▶ _EXERCISE BRIEF_
Your answer must be every line of the data below that holds the string "yields", copied exactly.

(Stored items)
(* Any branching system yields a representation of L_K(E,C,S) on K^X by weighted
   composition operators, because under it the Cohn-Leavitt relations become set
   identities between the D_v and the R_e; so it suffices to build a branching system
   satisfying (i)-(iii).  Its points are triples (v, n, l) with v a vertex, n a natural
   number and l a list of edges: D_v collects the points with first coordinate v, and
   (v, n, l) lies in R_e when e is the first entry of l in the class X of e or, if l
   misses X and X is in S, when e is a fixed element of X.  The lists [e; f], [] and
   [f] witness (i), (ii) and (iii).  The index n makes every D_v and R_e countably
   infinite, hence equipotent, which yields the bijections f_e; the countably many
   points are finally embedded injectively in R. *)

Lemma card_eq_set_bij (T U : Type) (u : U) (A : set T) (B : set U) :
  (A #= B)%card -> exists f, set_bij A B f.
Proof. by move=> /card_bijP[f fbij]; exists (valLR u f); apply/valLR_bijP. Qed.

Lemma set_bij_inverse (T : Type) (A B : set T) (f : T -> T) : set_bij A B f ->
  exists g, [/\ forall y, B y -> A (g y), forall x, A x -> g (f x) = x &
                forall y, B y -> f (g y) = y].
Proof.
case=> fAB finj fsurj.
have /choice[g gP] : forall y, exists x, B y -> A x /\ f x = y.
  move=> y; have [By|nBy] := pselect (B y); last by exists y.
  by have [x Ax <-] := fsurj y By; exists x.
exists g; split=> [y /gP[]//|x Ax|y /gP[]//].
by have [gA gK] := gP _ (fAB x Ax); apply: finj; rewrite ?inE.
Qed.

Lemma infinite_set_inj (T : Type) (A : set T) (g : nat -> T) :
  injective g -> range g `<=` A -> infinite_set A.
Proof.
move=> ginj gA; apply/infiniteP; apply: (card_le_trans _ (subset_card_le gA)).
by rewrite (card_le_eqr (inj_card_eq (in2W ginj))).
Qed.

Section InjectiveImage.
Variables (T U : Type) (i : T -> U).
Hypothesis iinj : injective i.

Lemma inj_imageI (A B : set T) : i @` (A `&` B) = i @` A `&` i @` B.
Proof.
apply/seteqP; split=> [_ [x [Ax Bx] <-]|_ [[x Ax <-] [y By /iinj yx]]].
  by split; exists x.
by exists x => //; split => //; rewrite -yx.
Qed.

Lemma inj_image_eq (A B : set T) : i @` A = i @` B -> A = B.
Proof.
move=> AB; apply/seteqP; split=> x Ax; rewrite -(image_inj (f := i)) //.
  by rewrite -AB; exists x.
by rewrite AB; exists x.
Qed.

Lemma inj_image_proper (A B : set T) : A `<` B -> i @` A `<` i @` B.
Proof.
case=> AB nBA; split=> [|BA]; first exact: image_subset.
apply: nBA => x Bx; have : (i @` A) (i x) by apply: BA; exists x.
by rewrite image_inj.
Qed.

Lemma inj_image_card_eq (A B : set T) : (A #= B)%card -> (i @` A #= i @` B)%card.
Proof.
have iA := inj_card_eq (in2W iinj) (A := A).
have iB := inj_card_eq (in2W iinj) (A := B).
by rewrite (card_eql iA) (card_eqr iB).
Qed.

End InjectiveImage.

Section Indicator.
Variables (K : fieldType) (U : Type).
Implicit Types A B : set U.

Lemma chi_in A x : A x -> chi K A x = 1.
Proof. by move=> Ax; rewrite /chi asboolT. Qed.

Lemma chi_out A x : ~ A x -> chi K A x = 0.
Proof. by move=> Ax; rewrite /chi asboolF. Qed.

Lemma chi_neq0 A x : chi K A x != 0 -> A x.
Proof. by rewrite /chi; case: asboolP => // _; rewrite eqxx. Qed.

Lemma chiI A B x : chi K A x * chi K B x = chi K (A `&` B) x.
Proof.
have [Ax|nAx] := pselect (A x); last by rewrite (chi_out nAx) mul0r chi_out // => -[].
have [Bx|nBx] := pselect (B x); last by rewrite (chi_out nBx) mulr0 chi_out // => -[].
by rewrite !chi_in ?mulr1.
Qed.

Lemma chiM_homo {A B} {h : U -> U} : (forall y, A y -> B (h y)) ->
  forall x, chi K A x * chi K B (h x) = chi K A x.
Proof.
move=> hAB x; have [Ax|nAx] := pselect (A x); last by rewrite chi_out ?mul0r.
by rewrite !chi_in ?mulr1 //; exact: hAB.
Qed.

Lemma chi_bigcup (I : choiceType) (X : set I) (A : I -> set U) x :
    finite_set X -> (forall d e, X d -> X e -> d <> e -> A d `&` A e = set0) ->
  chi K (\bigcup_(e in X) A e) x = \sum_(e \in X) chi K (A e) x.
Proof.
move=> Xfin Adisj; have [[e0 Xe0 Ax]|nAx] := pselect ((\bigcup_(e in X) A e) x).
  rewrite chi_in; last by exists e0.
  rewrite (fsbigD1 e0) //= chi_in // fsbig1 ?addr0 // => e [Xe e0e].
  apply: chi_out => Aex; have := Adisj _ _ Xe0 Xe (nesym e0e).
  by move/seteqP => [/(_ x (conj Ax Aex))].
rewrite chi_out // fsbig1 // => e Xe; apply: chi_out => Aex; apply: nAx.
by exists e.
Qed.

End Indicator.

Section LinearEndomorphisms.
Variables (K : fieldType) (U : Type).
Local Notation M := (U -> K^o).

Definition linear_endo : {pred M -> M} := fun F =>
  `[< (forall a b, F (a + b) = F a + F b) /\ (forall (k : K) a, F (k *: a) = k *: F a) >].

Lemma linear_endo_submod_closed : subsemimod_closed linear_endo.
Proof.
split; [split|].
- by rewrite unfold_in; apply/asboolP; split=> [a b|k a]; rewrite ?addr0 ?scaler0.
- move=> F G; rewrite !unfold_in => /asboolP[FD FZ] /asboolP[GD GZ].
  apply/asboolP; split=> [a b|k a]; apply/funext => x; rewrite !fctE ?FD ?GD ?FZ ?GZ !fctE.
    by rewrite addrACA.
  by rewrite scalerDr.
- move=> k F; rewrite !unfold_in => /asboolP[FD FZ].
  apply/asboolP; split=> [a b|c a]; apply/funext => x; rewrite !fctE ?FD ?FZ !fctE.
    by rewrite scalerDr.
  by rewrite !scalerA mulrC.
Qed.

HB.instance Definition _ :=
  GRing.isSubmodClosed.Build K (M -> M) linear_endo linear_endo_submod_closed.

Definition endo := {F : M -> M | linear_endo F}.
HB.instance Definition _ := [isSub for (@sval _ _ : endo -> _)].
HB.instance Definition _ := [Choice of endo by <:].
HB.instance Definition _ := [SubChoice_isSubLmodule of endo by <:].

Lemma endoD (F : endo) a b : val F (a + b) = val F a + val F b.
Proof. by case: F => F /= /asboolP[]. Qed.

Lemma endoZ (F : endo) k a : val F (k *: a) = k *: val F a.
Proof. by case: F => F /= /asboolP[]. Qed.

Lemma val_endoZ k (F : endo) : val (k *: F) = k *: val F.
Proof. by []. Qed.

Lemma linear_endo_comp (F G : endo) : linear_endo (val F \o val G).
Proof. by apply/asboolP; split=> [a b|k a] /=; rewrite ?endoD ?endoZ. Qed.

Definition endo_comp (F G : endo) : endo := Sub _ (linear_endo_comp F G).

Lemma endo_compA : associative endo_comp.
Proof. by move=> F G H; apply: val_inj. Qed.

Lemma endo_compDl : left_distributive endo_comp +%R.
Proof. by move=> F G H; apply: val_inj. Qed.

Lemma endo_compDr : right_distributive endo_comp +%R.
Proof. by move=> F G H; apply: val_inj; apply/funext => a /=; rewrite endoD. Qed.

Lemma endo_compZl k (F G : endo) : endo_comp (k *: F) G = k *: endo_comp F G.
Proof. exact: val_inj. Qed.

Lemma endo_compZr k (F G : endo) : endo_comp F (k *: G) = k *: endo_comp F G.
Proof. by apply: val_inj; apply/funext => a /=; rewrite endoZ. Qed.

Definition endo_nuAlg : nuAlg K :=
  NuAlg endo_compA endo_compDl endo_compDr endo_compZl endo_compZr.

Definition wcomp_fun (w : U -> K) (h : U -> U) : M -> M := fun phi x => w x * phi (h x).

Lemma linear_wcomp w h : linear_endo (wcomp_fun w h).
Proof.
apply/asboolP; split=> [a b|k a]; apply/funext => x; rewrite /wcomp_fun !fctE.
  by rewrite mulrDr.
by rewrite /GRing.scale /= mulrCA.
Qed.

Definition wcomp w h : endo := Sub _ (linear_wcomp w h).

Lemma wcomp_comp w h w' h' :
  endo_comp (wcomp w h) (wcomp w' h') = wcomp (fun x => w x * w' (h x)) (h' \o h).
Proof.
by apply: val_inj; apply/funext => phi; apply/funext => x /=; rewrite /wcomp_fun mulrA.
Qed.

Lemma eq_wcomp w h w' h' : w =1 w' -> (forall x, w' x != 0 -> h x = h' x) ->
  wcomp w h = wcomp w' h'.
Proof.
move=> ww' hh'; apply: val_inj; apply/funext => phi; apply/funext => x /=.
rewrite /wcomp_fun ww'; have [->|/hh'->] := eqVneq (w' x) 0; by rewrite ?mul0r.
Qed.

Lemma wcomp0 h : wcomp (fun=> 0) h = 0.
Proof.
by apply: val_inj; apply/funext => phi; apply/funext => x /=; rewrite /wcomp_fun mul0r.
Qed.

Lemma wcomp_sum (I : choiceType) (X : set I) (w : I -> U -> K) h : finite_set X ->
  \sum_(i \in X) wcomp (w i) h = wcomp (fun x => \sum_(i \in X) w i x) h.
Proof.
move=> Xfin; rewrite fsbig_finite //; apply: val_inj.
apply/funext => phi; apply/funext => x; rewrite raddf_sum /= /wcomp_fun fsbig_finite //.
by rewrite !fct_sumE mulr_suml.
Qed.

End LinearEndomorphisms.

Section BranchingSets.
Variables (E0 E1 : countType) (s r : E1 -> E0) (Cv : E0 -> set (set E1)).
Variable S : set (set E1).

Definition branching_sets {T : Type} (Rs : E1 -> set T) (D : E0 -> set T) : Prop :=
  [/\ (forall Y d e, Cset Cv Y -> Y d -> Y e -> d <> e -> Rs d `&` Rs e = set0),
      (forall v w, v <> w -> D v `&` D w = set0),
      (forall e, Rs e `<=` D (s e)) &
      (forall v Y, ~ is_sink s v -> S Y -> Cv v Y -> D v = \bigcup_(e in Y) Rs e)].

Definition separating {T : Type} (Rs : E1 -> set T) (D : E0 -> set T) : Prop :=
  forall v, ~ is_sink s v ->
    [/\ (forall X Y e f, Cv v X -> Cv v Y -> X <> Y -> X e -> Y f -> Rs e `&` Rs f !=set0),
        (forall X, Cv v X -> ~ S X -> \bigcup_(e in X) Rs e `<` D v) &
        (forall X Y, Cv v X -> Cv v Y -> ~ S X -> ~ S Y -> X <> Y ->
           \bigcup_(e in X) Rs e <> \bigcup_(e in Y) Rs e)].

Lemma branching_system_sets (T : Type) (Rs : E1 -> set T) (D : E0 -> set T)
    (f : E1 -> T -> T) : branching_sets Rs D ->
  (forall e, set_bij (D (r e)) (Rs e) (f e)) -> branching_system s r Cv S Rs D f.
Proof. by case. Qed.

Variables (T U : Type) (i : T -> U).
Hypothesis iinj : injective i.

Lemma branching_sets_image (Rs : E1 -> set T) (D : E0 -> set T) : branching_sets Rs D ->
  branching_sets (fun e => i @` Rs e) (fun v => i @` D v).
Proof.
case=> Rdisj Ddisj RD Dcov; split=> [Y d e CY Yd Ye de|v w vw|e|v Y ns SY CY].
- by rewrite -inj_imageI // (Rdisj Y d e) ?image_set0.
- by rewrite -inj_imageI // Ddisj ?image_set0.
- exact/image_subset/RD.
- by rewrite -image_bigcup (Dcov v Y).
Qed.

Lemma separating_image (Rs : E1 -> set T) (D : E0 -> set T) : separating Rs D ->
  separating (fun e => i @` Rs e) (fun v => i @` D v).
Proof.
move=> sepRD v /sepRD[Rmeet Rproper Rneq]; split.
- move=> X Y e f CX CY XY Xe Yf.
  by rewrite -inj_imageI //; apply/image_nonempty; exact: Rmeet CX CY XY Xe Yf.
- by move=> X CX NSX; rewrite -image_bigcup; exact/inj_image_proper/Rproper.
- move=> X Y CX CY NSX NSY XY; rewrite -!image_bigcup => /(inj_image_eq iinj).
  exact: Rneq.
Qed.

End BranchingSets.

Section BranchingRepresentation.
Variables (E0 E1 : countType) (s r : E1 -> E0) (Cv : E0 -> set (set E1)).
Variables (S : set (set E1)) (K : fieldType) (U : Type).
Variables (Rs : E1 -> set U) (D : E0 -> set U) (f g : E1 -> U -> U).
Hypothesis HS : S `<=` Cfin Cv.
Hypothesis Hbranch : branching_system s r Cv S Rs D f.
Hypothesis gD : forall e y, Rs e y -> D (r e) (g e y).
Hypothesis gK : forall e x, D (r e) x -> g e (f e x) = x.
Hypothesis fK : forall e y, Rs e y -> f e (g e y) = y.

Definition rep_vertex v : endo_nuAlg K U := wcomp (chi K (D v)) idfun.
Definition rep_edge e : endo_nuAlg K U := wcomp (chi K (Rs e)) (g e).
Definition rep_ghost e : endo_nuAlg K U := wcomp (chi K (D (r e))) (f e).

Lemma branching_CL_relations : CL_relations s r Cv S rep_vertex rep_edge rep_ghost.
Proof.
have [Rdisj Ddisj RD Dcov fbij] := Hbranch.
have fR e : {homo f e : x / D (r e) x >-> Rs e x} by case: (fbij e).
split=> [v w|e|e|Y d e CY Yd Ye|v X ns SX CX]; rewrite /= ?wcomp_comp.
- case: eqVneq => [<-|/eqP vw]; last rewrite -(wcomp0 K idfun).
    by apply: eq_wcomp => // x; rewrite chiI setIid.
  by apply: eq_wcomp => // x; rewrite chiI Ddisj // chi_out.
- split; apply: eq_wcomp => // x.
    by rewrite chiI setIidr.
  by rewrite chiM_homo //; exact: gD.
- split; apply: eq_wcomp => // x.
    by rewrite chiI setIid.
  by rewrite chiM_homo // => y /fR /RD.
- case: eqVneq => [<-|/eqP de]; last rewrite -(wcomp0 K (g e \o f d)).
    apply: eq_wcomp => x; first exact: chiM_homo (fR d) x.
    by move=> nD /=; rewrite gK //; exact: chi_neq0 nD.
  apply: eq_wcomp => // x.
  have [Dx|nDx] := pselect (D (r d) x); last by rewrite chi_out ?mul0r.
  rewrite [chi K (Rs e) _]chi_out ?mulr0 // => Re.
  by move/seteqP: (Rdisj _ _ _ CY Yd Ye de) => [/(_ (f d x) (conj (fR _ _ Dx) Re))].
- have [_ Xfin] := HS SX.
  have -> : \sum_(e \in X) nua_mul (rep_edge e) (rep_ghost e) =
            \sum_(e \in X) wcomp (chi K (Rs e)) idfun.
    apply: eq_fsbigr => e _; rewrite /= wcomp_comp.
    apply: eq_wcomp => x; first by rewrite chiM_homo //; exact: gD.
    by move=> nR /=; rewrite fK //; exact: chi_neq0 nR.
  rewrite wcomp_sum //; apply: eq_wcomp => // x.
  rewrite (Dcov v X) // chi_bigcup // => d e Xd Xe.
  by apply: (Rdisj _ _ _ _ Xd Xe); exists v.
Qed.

▶ _FINAL ANSWER_
(* Any branching system yields a representation of L_K(E,C,S) on K^X by weighted
   infinite, hence equipotent, which yields the bijections f_e; the countably many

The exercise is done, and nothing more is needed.